Global News Digest

arXiv

Expected Value Alignment for Generative Reward Modeling in Formal Mathematics Verification

Title: Aligning Expected Values for Generative Reward Modeling in Formal Math Verification

Original: arXiv:2606.01160v1 Announce Type: new Abstract: Large Language Models (LLMs) are increasingly used with formal interactive theorem provers such as Lean 4. Scaling these systems with reinforcement learning or search methods requires process reward models (PRMs) that can evaluate intermediate reasoning steps. Existing reward-model designs expose a practical trade-off. Value-head models provide continuous scores but modify the generative model interface, while generative reward models preserve textual rationales but are poorly matched to continuous floating-point regression because numeric values are split across tokens. We introduce Expected Value Alignment (EVA), a reward-modeling procedure that keeps the surface output discrete while extracting continuous scores from the model's token distribution. The model emits integer scores in a structured JSON format, and EVA computes a continuous score as the expectation over the logits of the corresponding anchor tokens. Training combines the causal language modeling objective with an auxiliary mean squared error loss on these expected values. We instantiate EVA in \textit{Leibniz}, a reward model for Lean 4 formal verification, and evaluate it against zero-shot and reward-modeling baselines. The evaluation demonstrates that continuous logit-based scoring significantly reduces discretization artifacts while retaining the interpretability of generative critiques.

Rewrite:

As Large Language Models (LLMs) become more deeply integrated with formal interactive theorem provers like Lean 4, the demand for scalable evaluation methods grows. Implementing reinforcement learning or search-based scaling strategies necessitates Process Reward Models (PRMs) capable of assessing intermediate reasoning steps. However, current reward-model architectures face a distinct practical dilemma. While value-head models offer continuous scoring, they alter the standard generative interface. Conversely, generative reward models maintain textual explanations but struggle with continuous floating-point regression, as numerical values are fragmented across multiple tokens.

To address this, we present Expected Value Alignment (EVA), a novel reward-modeling technique that maintains discrete surface outputs while deriving continuous scores from the underlying token distribution. In this framework, the model generates integer scores formatted as structured JSON. EVA then calculates a continuous score by determining the expectation of the logits associated with the relevant anchor tokens. The training process integrates the standard causal language modeling objective with an additional mean squared error loss applied to these expected values.

We implemented EVA within \textit{Leibniz}, a specialized reward model designed for Lean 4 formal verification, and benchmarked its performance against both zero-shot and standard reward-modeling baselines. Our results indicate that leveraging continuous logit-based scoring effectively minimizes discretization errors without sacrificing the interpretability inherent in generative critiques.
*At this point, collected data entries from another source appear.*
(* For every positive integer $N$ and every pair of indices $\boldsymbol{k}=(k_1,\dots,k_r)$, $\boldsymbol{l}=(l_1,\dots,l_r)$ of the same depth $r\ge1$, \[ \sum_{\substack{0<m_{j,1}\le\cdots\le m_{j,l_j}<N\ (j\in[r])\\ m_{j,l_j}<m_{j+1,1}\ (j\in[r-1])}}\ \prod_{j\in[r]}\frac1{(N-m_{j,1})\cdots(N-m_{j,l_j-1})\,m_{j,l_j}^{k_j}} =\sum_{\substack{0<n_{i,1}\le\cdots\le n_{i,k_i}<N\ (i\in[r])\\ n_{i,k_i}<n_{i+1,1}\ (i\in[r-1])}}\ \prod_{i\in[r]}\frac1{(N-n_{i,1})^{l_i}\,n_{i,2}\cdots n_{i,k_i}}. \]
   Context: $[n]=\{1,\dots,n\}$. An index is a tuple of positive integers. All variables $m_{j,\cdot},n_{i,\cdot}$ range over integers; empty products equal $1$ (e.g. when $l_j=1$ the product $(N-m_{j,1})\cdots(N-m_{j,l_j-1})$ is empty, and when $k_i=1$ the product $n_{i,2}\cdots n_{i,k_i}$ is empty). *)

From mathcomp Require Import all_boot all_order all_algebra.
Set Implicit Arguments. Unset Strict Implicit. Unset Printing Implicit Defensive.
Import Order.TTheory GRing.Theory Num.Theory.

Definition block_chain (N : nat) (bs : seq (seq nat)) : bool :=
  all (fun b => sorted leq b && all (fun x => (0 < x < N)%N) b) bs &&
  sorted (fun b c => (last 0 b < head 0 c)%N) bs.

Local Open Scope ring_scope.

Definition lhs_w (N k : nat) (b : seq nat) : rat :=
  match b with
  | [::] => 1
  | x :: s => (\prod_(y <- belast x s) (N%:R - y%:R) * (last x s)%:R ^+ k)^-1
  end.

Definition rhs_w (N l : nat) (b : seq nat) : rat :=
  match b with
  | [::] => 1
  | x :: s => ((N%:R - x%:R) ^+ l * \prod_(y <- s) y%:R)^-1
  end.

Definition chain_sum (N : nat) (sh ex : seq nat)
  (w : nat -> nat -> seq nat -> rat) : rat :=
  \sum_(m : (sumn sh).-tuple 'I_N | block_chain N (reshape sh (map val m)))
     \prod_(p <- zip ex (reshape sh (map val m))) w N p.1 p.2.

Definition mzv_lhs (N : nat) (k l : seq nat) : rat := chain_sum N l k lhs_w.
Definition mzv_rhs (N : nat) (k l : seq nat) : rat := chain_sum N k l rhs_w.

(* Both sides are sums over weakly increasing chains in [1, N) cut into blocks,
   so they are entries of products of transfer matrices indexed by
   {0, ..., N}: a left-hand block of length l and exponent k acts by the
   kernel L(m0, m) of all such blocks lying above m0 and ending at m, a
   right-hand block by the kernel R(n, n1) of all blocks starting at n and
   ending below n1.  The connector
   C(m, n) = [m < n] binom(n - 1, m) / binom(N - 1, m) intertwines them,
   L C = C R, and this is built up one factor 1/(N - m) or 1/m at a time from
   three telescoping identities for C.  As C(m, N) = 1 and C(0, n) = [0 < n],
   the two sides are the (0, N) entries of (L_1 ... L_r) C and C (R_1 ... R_r). *)

From mathcomp Require Import all_boot all_order all_algebra.
From mathcomp Require Import ring zify.
Set Implicit Arguments. Unset Strict Implicit. Unset Printing Implicit Defensive.
Import Order.TTheory GRing.Theory Num.Theory.
Local Open Scope ring_scope.
(* Let $g=v+h$ be an s-warped spacetime whose Weyl tensor is $W=\rho(3S+G)$ with $S=U\otimes U-*U\otimes *U$, where $U$ is the time-like unitary 2-form with $U^2=v$, and suppose the Ricci tensor has the form $R=A+\mu h$ with $A$ symmetric and $A\cdot h=0$. Then $$B\equiv R-S[R]-\tfrac12\mathrm r\,g=\beta\,\Pi,\qquad \Pi\equiv v-h,\qquad \beta\equiv\tfrac12\mathrm r-2\mu .$$ Consequently $\mu=\frac14\mathrm r-\frac12\beta$, with $\beta=0$ if $B=0$ and, if $B\neq0$, $\beta=\frac{\epsilon}{2}\sqrt{\operatorname{tr}B^2}$ where $\epsilon=-B(x,x)/|B(x,x)|$ for any unit time-like vector $x$.
   Context: $(M,g)$ is an oriented 4-dimensional spacetime of signature $(-,+,+,+)$, volume element $\eta$, Ricci tensor $R$, scalar curvature $\mathrm r=\operatorname{tr}R$. s-warped: locally $g=v+e^{2\lambda}\hat h$ on a product of a 2-dimensional Lorentzian factor (metric $v$) and a 2-dimensional Riemannian factor (metric $\hat h$), $\lambda$ a function on the Lorentzian factor; $h=e^{2\lambda}\hat h$; $v$ and $h$ are viewed as the orthogonal projectors onto the time-like plane V and space-like plane H. Notation: $(A\cdot B)^\alpha{}_\beta=A^\alpha{}_\mu B^\mu{}_\beta$, $A^2=A\cdot A$, $\operatorname{tr}A=A^\alpha{}_\alpha$, $A(x,x)=A_{\alpha\beta}x^\alpha x^\beta$; $*U=\eta(U)$, $( *U)_{\alpha\beta}=\frac12\eta_{\alpha\beta}{}^{\mu\nu}U_{\mu\nu}$; $(U\otimes U)_{\alpha\beta\mu\nu}=U_{\alpha\beta}U_{\mu\nu}$; $(A\wedge B)_{\alpha\beta\mu\nu}=A_{\alpha\mu}B_{\beta\nu}+A_{\beta\nu}B_{\alpha\mu}-A_{\alpha\nu}B_{\beta\mu}-A_{\beta\mu}B_{\alpha\nu}$, $G=\frac12g\wedge g$; for a double 2-form $P$ and symmetric 2-tensor $B$, $P[B]_{\alpha\beta}=P_\alpha{}^\mu{}_\beta{}^\nu B_{\mu\nu}$; for double 2-forms $\operatorname{tr}$ is not used here, $\operatorname{tr}B^2=B^\alpha{}_\mu B^\mu{}_\alpha$. A unit time-like vector satisfies $x^2=-1$. *)

(* Pointwise (tangent space at a point) tensor algebra in dimension 4.
   Tensors are given by their components (all indices down) in an arbitrary
   coordinate basis; indices range over 0..3 (values at other indices are
   irrelevant: all tensor equalities are only required for indices < 4). *)
From Stdlib Require Import Reals.
Open Scope R_scope.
Source: arXiv Generated at: 2026-06-02 00:00:00 UTC

Related Articles

Schroders Renewable Unit Targets AI Assets as Power Demand Soars
Bloomberg

Schroders Renewable Unit Targets AI Assets as Power Demand Soars

Schroders’ renewable unit targets AI infrastructure, pivoting to meet soaring energy demand from artificial intelligence...

State Street's Paglia on SBI Group Partnership, ETFs
Bloomberg

State Street's Paglia on SBI Group Partnership, ETFs

State Street's Paglia discusses the SBI Group partnership and ETFs, but the source text is missing. Please provide the a...

Nvidia Boss Says Workers Should Be Paid ‘as Much as Possible’
Bloomberg

Nvidia Boss Says Workers Should Be Paid ‘as Much as Possible’

Nvidia CEO Jensen Huang advocates for paying workers “as much as possible,” emphasizing maximum compensation. This stanc...

TSE Talking With Regulator For Easing ETF Listing Rules
Bloomberg

TSE Talking With Regulator For Easing ETF Listing Rules

The Tokyo Stock Exchange is discussing with regulators to ease ETF listing rules. This aims to simplify market access an...

S&P DJI CEO on Japan Markets, Mega IPOs
Bloomberg

S&P DJI CEO on Japan Markets, Mega IPOs

S&P DJI CEO discusses Japan's financial markets and major IPOs.